С 23 ноября 1894 года Борис Пастернак помнил себя «без больших перерывов и провалов». Мальчика разбудили могучие, траурные звуки рояля, который никогда еще на его памяти так не звучал. Мать играла со скрипачами Гржимали и Брандуковым трио Чайковского — в память умерших в 1894 году Ге и Рубинштейна. Слушать приехали Толстой, его дочь Татьяна и ее муж Михаил Сухотин.

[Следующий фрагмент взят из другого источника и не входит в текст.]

(* Let $G$ be a finitely generated group, $X,Y$ uniform spaces, $\mu$ a Borel measure on $X$, and let $\Phi\in Act(G,X)$ and $\Psi\in Act(G,Y)$ be uniformly conjugate via a uniform equivalence $h:X\to Y$ (i.e. $h\circ\Phi_g=\Psi_g\circ h$ for all $g\in G$). Let $h^*(\mu)$ be the measure on $Y$ given by $h^*(\mu)(A)=\mu(h^{-1}(A))$. Then: (i) if $\Phi$ has $\mu$-shadowing, $\Psi$ has $h^*(\mu)$-shadowing; (ii) if $\Phi$ is $\mu$-expansive, $\Psi$ is $h^*(\mu)$-expansive; (iii) if $\Phi$ is $\mu$-persistent, $\Psi$ is $h^*(\mu)$-persistent; (iv) if $\Phi$ is $\mu$-topologically stable, $\Psi$ is $h^*(\mu)$-topologically stable.
   Context: $D[x]=\{y:(x,y)\in D\}$. $Act(G,X)$: maps $\Phi:G\times X\to X$ with each $\Phi_g$ a uniform equivalence, $\Phi_e=\mathrm{id}$, $\Phi_{g_1g_2}=\Phi_{g_1}\circ\Phi_{g_2}$. Generating sets are finite symmetric. For a measure $\nu$ and action $\Phi$ on a uniform space $Z$: $\Phi$ is $\nu$-expansive if there is a closed entourage $D$ with $\nu(\Gamma_D(x))=0$ for all $x$, where $\Gamma_D(x)=\{y:(\Phi_g(x),\Phi_g(y))\in D\ \forall g\}$. $\{x_g\}$ is a $D$-pseudo orbit (w.r.t. $S$) if $(x_{sg},\Phi_s(x_g))\in D$ for all $s\in S,g$; through $B$ if $x_e\in B$; $E$-shadowed by $x$ if $(x_g,\Phi_g(x))\in E$ for all $g$. $\nu$-shadowing: for some $S$, for every entourage $E$ there are an entourage $D$ and measurable $B$ with $\nu(Z\setminus B)=0$ such that every $D$-pseudo orbit through $B$ is $E$-shadowed by some point. $\nu$-persistent: for some $S$, for every $E$ there are $D$ and measurable $B$, $\nu(Z\setminus B)=0$, such that whenever $\Psi'\in Act(G,Z)$ satisfies $(\Psi'_s(x),\Phi_s(x))\in D$ for all $x,s\in S$, for each $x\in B$ there is $y$ with $(\Psi'_g(x),\Phi_g(y))\in E$ for all $g$. For set-valued $H:Z\to\mathcal{P}(Z)$: $Dom(H)=\{x:H(x)\ne\emptyset\}$; $(Id,H)\in E$ means $H(x)\subset E[x]$ for all $x$; upper semi-continuous: for each $x\in Dom(H)$ and open $O\supset H(x)$ there is an entourage $D$ with $H(y)\subset O$ whenever $(x,y)\in D$. $\nu$-topologically stable: for some $S$, for every $E$ there is $D$ such that for every $\Psi'\in Act(G,Z)$ with $(\Psi'_s(x),\Phi_s(x))\in D$ for all $x,s\in S$ there is an upper semi-continuous compact-valued $H$ with measurable domain, $\nu(Z\setminus Dom(H))=0$, $\nu(H(x))=0$ for all $x$, $(Id,H)\in E$, and $\Phi_g(H(x))=H(\Psi'_g(x))$ for all $g,x$. *)

From HB Require Import structures.
From mathcomp Require Import all_boot all_order all_algebra.
From mathcomp Require Import all_classical all_reals all_analysis.
From mathcomp Require Import monoid.

Set Implicit Arguments.
Unset Strict Implicit.
Unset Printing Implicit Defensive.

Import Order.TTheory Num.Theory.
Local Open Scope classical_set_scope.
Local Open Scope ereal_scope.

Definition generating_set (G : groupType) (S : seq G) : Prop :=
  (forall s, s \in S -> (s^-1)%g \in S) /\
  (forall g : G, exists l : seq G, {subset l <= S} /\ g = foldr (fun a b => (a * b)%g) 1%g l).

Definition finitely_generated (G : groupType) : Prop :=
  exists S : seq G, generating_set S.

Definition uniform_equiv (X Y : uniformType) (f : X -> Y) : Prop :=
  exists k : Y -> X, [/\ cancel f k, cancel k f, unif_continuous f & unif_continuous k].

Definition is_action (G : groupType) (X : uniformType) (Phi : G -> X -> X) : Prop :=
  [/\ forall g, uniform_equiv (Phi g),
      Phi 1%g = id &
      forall g1 g2, Phi (g1 * g2)%g = Phi g1 \o Phi g2].

Definition borel (X : topologicalType) (A : set X) : Prop := <<s (@open X) >> A.

Definition borel_measure (R : realType) (X : topologicalType) (mu : set X -> \bar R) : Prop :=
  [/\ mu set0 = 0,
      forall A, borel A -> 0 <= mu A &
      forall F : nat -> set X, (forall n, borel (F n)) -> trivIset setT F ->
        (fun n => \sum_(0 <= i < n) mu (F i)) @ \oo --> mu (\bigcup_n F n)].

Definition pushmeasure (R : realType) (X Y : Type) (h : X -> Y) (mu : set X -> \bar R)
  : set Y -> \bar R := fun A => mu (h @^-1` A).

Section Dyn.
Context (R : realType) (G : groupType) (Z : uniformType).

Definition Gamma (Phi : G -> Z -> Z) (D : set (Z * Z)) (x : Z) : set Z :=
  [set y | forall g, D (Phi g x, Phi g y)].

Definition nu_expansive (nu : set Z -> \bar R) (Phi : G -> Z -> Z) : Prop :=
  exists D : set (Z * Z), [/\ entourage D, closed D & forall x, nu (Gamma Phi D x) = 0].

Definition pseudo_orbit (S : seq G) (Phi : G -> Z -> Z) (D : set (Z * Z)) (xs : G -> Z) : Prop :=
  forall s g, s \in S -> D (xs (s * g)%g, Phi s (xs g)).

Definition shadowed (Phi : G -> Z -> Z) (E : set (Z * Z)) (xs : G -> Z) (x : Z) : Prop :=
  forall g, E (xs g, Phi g x).

Definition nu_shadowing (nu : set Z -> \bar R) (Phi : G -> Z -> Z) : Prop :=
  exists S : seq G, generating_set S /\
    forall E, entourage E ->
      exists D B, [/\ entourage D, borel B, nu (~` B) = 0 &
        forall xs, pseudo_orbit S Phi D xs -> B (xs 1%g) ->
          exists x, shadowed Phi E xs x].

Definition act_close (S : seq G) (D : set (Z * Z)) (Psi' Phi : G -> Z -> Z) : Prop :=
  forall x s, s \in S -> D (Psi' s x, Phi s x).

Definition nu_persistent (nu : set Z -> \bar R) (Phi : G -> Z -> Z) : Prop :=
  exists S : seq G, generating_set S /\
    forall E, entourage E ->
      exists D B, [/\ entourage D, borel B, nu (~` B) = 0 &
        forall Psi' : G -> Z -> Z, is_action Psi' -> act_close S D Psi' Phi ->
          forall x, B x -> exists y, forall g, E (Psi' g x, Phi g y)].

Definition Dom (H : Z -> set Z) : set Z := [set x | H x !=set0].

Definition usc (H : Z -> set Z) : Prop :=
  forall x, Dom H x -> forall O : set Z, open O -> H x `<=` O ->
    exists D, entourage D /\ forall y, D (x, y) -> H y `<=` O.

Definition nu_top_stable (nu : set Z -> \bar R) (Phi : G -> Z -> Z) : Prop :=
  exists S : seq G, generating_set S /\
    forall E, entourage E ->
      exists D, entourage D /\
        forall Psi' : G -> Z -> Z, is_action Psi' -> act_close S D Psi' Phi ->
          exists H : Z -> set Z,
            [/\ usc H /\ (forall x, compact (H x)),
                borel (Dom H) /\ nu (~` Dom H) = 0,
                (forall x, nu (H x) = 0),
                (forall x, H x `<=` xsection E x) &
                forall g x, Phi g @` H x = H (Psi' g x)].

End Dyn.

From HB Require Import structures.
From mathcomp Require Import all_boot all_order all_algebra.
From mathcomp Require Import all_classical all_reals all_analysis.
From mathcomp Require Import monoid.

(* A uniform conjugacy [h] with inverse [k] transports all the data of the
   four definitions from [Y] to [X]: entourages of [Y] pull back through
   [k × k] to entourages of [X], Borel sets pull back through [k], and
   [h^*(mu)(k^-1 A) = mu A].  An action [Psi'] that is [D]-close to [Psi]
   yields the action [k ∘ Psi' ∘ h], close to [Phi] for the pulled back
   entourage, and a pseudo orbit [ys] of [Psi] yields the pseudo orbit
   [k ∘ ys] of [Phi].  So one applies the hypothesis on [Phi] to the
   transported data and maps the resulting points, sets or set-valued
   maps back to [Y] by [h]. *)

Set Implicit Arguments.
Unset Strict Implicit.
Unset Printing Implicit Defensive.
Local Open Scope classical_set_scope.

Definition preimage_rel (U V : Type) (f : U -> V) (D : set (V * V)) : set (U * U) :=
  [set p | D (f p.1, f p.2)].

Lemma image_cancel (U V : Type) (f : U -> V) (g : V -> U) (A : set U) :
  cancel f g -> cancel g f -> f @` A = g @^-1` A.
Proof.
move=> fK gK; apply/seteqP; split; first by move=> _ [x Ax <-]; rewrite /preimage /= fK.
by move=> y Agy; exists (g y); rewrite ?gK.
Qed.

Lemma borel_preimage (T U : topologicalType) (f : T -> U) (A : set U) :
  continuous f -> borel A -> borel (f @^-1` A).
Proof.
move=> f_cont; apply: (@smallest_sub _ _ _ [set A | borel (f @^-1` A)]); last first.
  by move=> O oO; apply: sub_sigma_algebra; apply: open_comp => // x _; exact: f_cont.
split=> [|B|F]; rewrite /= /borel.
- by rewrite preimage_set0; exact: sigma_algebra0.
- by move=> bB; rewrite setTD preimage_setC -setTD; exact: sigma_algebraCD.
- by move=> bF; rewrite preimage_bigcup; exact: sigma_algebra_bigcup.
Qed.

Lemma unif_continuous_entourage (U V : uniformType) (f : U -> V) (E : set (V * V)) :
  unif_continuous f -> entourage E -> entourage (preimage_rel f E).
Proof. by move=> f_uc; exact: f_uc. Qed.

Lemma unif_continuous_comp (U V W : uniformType) (f : U -> V) (g : V -> W) :
  unif_continuous f -> unif_continuous g -> unif_continuous (g \o f).
Proof. by move=> f_uc g_uc; exact: (cvg_comp _ _ f_uc g_uc). Qed.

Lemma unif_continuous_continuous (U V : uniformType) (f : U -> V) :
  unif_continuous f -> continuous f.
Proof.
move=> f_uc x P; rewrite /= -!nbhs_entourageE => -[E entE sEP].
exists (preimage_rel f E); first exact: unif_continuous_entourage.
by move=> y /xsectionP Exy; apply: sEP; apply/xsectionP.
Qed.

Lemma closed_preimage_rel (U V : uniformType) (f : U -> V) (D : set (V * V)) :
  unif_continuous f -> closed D -> closed (preimage_rel f D).
Proof.
move=> /unif_continuous_continuous f_cont cD.
apply: (@preimage_closed _ _ (fun p : U * U => (f p.1, f p.2))) => // p _.
by apply: cvg_pair; [apply: (cvg_comp fst) cvg_fst _ | apply: (cvg_comp snd) cvg_snd _];
  exact: f_cont.
Qed.

Lemma uniform_equiv_comp (U V W : uniformType) (f : U -> V) (g : V -> W) :
  uniform_equiv f -> uniform_equiv g -> uniform_equiv (g \o f).
Proof.
move=> [f' [fK f'K f_uc f'_uc]] [g' [gK g'K g_uc g'_uc]].
exists (f' \o g'); split; [exact: can_comp | exact: can_comp
  | exact: unif_continuous_comp | exact: unif_continuous_comp].
Qed.

Section UniformConjugacy.
Variables (R : realType) (G : groupType) (X Y : uniformType).
Variables (h : X -> Y) (k : Y -> X).
Hypotheses (hK : cancel h k) (kK : cancel k h).
Hypotheses (h_uc : unif_continuous h) (k_uc : unif_continuous k).
Variables (Phi : G -> X -> X) (Psi : G -> Y -> Y).
Hypothesis h_conj : forall g x, h (Phi g x) = Psi g (h x).
Variable mu : set X -> \bar R.

Lemma k_conj g y : k (Psi g y) = Phi g (k y).
Proof. by rewrite -{1}[y]kK -h_conj hK. Qed.

Lemma pushmeasure_preimage (A : set X) : pushmeasure h mu (k @^-1` A) = mu A.
Proof.
by rewrite /pushmeasure -comp_preimage; congr mu; apply/funext => x /=; rewrite hK.
Qed.

Lemma pushmeasure_setC_preimage (B : set X) :
  pushmeasure h mu (~` (k @^-1` B)) = mu (~` B).
Proof. by rewrite preimage_setC pushmeasure_preimage. Qed.

Lemma borel_preimage_inv (B : set X) : borel B -> borel (k @^-1` B).
Proof. exact: borel_preimage (unif_continuous_continuous k_uc). Qed.

Lemma preimage_Gamma D y :
  h @^-1` Gamma Psi (preimage_rel k D) y = Gamma Phi D (k y).
Proof.
apply/seteqP; split=> x /= Dx g; [have := Dx g | ];
  by rewrite /preimage_rel /= !k_conj hK.
Qed.

Lemma pseudo_orbit_conj S D (ys : G -> Y) :
  pseudo_orbit S Psi (preimage_rel k D) ys -> pseudo_orbit S Phi D (k \o ys).
Proof. by move=> po s g sS; rewrite /= -k_conj; exact: po. Qed.

Definition conj_act (Psi' : G -> Y -> Y) : G -> X -> X := fun g => k \o Psi' g \o h.

Lemma is_action_conj Psi' : is_action Psi' -> is_action (conj_act Psi').
Proof.
have h_equiv : uniform_equiv h by exists k.
have k_equiv : uniform_equiv k by exists h.
move=> [Psi'_equiv Psi'1 Psi'M]; split.
- by move=> g; apply: uniform_equiv_comp => //; exact: uniform_equiv_comp.
- by apply/funext => x; rewrite /conj_act Psi'1 /= hK.
- by move=> g1 g2; apply/funext => x; rewrite /conj_act Psi'M /= kK.
Qed.

Lemma act_close_conj S D Psi' :
  act_close S (preimage_rel k D) Psi' Psi -> act_close S D (conj_act Psi') Phi.
Proof.
by move=> cl x s sS; have := cl (h x) s sS; rewrite /preimage_rel /= k_conj hK.
Qed.

Lemma nu_expansive_conj : nu_expansive mu Phi -> nu_expansive (pushmeasure h mu) Psi.
Proof.
move=> [D [entD cD Gamma0]]; exists (preimage_rel k D); split.
- exact: unif_continuous_entourage.
- exact: closed_preimage_rel.
- by move=> y; rewrite /pushmeasure preimage_Gamma.
Qed.

Lemma nu_shadowing_conj : nu_shadowing mu Phi -> nu_shadowing (pushmeasure h mu) Psi.
Proof.
move=> [S [genS shadow]]; exists S; split => // E entE.
have [D [B [entD bB B0 shB]]] := shadow _ (unif_continuous_entourage h_uc entE).
exists (preimage_rel k D), (k @^-1` B); split.
- exact: unif_continuous_entourage.
- exact: borel_preimage_inv.
- by rewrite pushmeasure_setC_preimage.
- move=> ys po Bys1; have [x shx] := shB _ (pseudo_orbit_conj po) Bys1.
  by exists (h x) => g; have := shx g; rewrite /preimage_rel /= kK h_conj.
Qed.

Lemma nu_persistent_conj : nu_persistent mu Phi -> nu_persistent (pushmeasure h mu) Psi.
Proof.
move=> [S [genS persist]]; exists S; split => // E entE.
have [D [B [entD bB B0 persB]]] := persist _ (unif_continuous_entourage h_uc entE).
exists (preimage_rel k D), (k @^-1` B); split.
- exact: unif_continuous_entourage.
- exact: borel_preimage_inv.
- by rewrite pushmeasure_setC_preimage.
- move=> Psi' actPsi' cl y By.
  have [x shx] := persB _ (is_action_conj actPsi') (act_close_conj cl) _ By.
  by exists (h x) => g; have := shx g; rewrite /preimage_rel /= !kK h_conj.
Qed.

Definition conj_setmap (H : X -> set X) : Y -> set Y := fun y => h @` H (k y).

Lemma Dom_conj_setmap H : Dom (conj_setmap H) = k @^-1` Dom H.
Proof.
apply/seteqP; split=> y; first by move=> [_ [x Hx _]]; exists x.
by move=> [x Hx]; exists (h x), x.
Qed.

Lemma usc_conj_setmap H : usc H -> usc (conj_setmap H).
Proof.
move=> uscH y domy O oO sHO; rewrite Dom_conj_setmap in domy.
have oO' : open (h @^-1` O).
  by apply: open_comp => // x _; exact: unif_continuous_continuous.
have [D [entD sDO]] := uscH _ domy _ oO' (fun x Hx => sHO _ (ex_intro2 _ _ x Hx erefl)).
exists (preimage_rel k D); split; first exact: unif_continuous_entourage.
by move=> y' Dyy' _ [x Hx <-]; exact: sDO _ Dyy' _ Hx.
Qed.

Lemma conj_setmap_equivariant Psi' H :
    (forall g x, Phi g @` H x = H (conj_act Psi' g x)) ->
  forall g y, Psi g @` conj_setmap H y = conj_setmap H (Psi' g y).
Proof.
move=> Heqv g y; rewrite /conj_setmap.
have := Heqv g (k y); rewrite /conj_act /= kK => <-.
by rewrite !image_comp; congr image; apply/funext => x /=; rewrite h_conj.
Qed.

Lemma nu_top_stable_conj :
  nu_top_stable mu Phi -> nu_top_stable (pushmeasure h mu) Psi.
Proof.
move=> [S [genS stable]]; exists S; split => // E entE.
have [D [entD stableD]] := stable _ (unif_continuous_entourage h_uc entE).
exists (preimage_rel k D); split; first exact: unif_continuous_entourage.
move=> Psi' actPsi' cl.
have [H [[uscH cptH] [bdom dom0] H0 HE Heqv]] :=
  stableD _ (is_action_conj actPsi') (act_close_conj cl).
exists (conj_setmap H); split.
- split; first exact: usc_conj_setmap.
  move=> y; apply: continuous_compact (cptH _).
  exact/continuous_subspaceT/unif_continuous_continuous.
- rewrite Dom_conj_setmap pushmeasure_setC_preimage.
  by split=> //; exact: borel_preimage_inv.
- by move=> y; rewrite /conj_setmap (image_cancel _ hK kK) pushmeasure_preimage.
- move=> y _ [x Hx <-]; apply/xsectionP; have /xsectionP := HE _ _ Hx.
  by rewrite /preimage_rel /= kK.
- exact: conj_setmap_equivariant.
Qed.

End UniformConjugacy.

Theorem proposition4p2 (R : realType) (G : groupType) (X Y : uniformType)
    (mu : set X -> \bar R) (Phi : G -> X -> X) (Psi : G -> Y -> Y) (h : X -> Y) :
  finitely_generated G ->
  borel_measure mu ->
  is_action Phi -> is_action Psi ->
  uniform_equiv h ->
  (forall g, h \o Phi g = Psi g \o h) ->
  [/\ nu_shadowing mu Phi -> nu_shadowing (pushmeasure h mu) Psi,
      nu_expansive mu Phi -> nu_expansive (pushmeasure h mu) Psi,
      nu_persistent mu Phi -> nu_persistent (pushmeasure h mu) Psi &
      nu_top_stable mu Phi -> nu_top_stable (pushmeasure h mu) Psi].
Proof.
move=> _ _ _ _ [k [hK kK h_uc k_uc]] hconj.
have h_conj g x : h (Phi g x) = Psi g (h x) by rewrite -[LHS]/((h \o Phi g) x) hconj.
split.
- exact: nu_shadowing_conj.
- exact: nu_expansive_conj.
- exact: nu_persistent_conj.
- exact: nu_top_stable_conj.
Qed.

В 1895 году артистическая карьера матери прервалась на двенадцать лет. В семье бытовала легенда, что Розалия Исидоровна перед своим выступлением 19 ноября 1895 года в Колонном зале получила из дома записку о том, что оба сына заболели и лежат в жару. Она отыграла — а сразу после выступления, не выйдя на поклон, помчалась домой и по дороге дала зарок не выступать на сцене, если все обойдется. Обошлось, дети скоро поправились, но слову своему Розалия Исидоровна осталась верна. По другой версии, препятствием для артистической карьеры Розалии Исидоровны оказались частые сердечные припадки,— но давать уроки она продолжала, и рояль звучал дома постоянно. Мать Пастернака отличалась необыкновенной чувствительностью и нервозностью — в этом смысле ее можно сравнить только с Александрой Бекетовой, матерью Блока, у которой была с сыном такая же прочная, почти телепатическая связь. Розалия Исидоровна тряслась над детьми, боялась темноты и грозы, часто плакала. Впрочем, одесские родственники с материнской стороны были еще шумней и чувствительней. Двоюродная сестра Бориса Ольга Фрейденберг писала: «Боря очень нежный»,— почему и относилась к нему в детстве и юности снисходительно. В детстве ее пугала мысль, что за Борю, как шутили родные, придется выходить замуж. За такого нежного ей выходить не хотелось.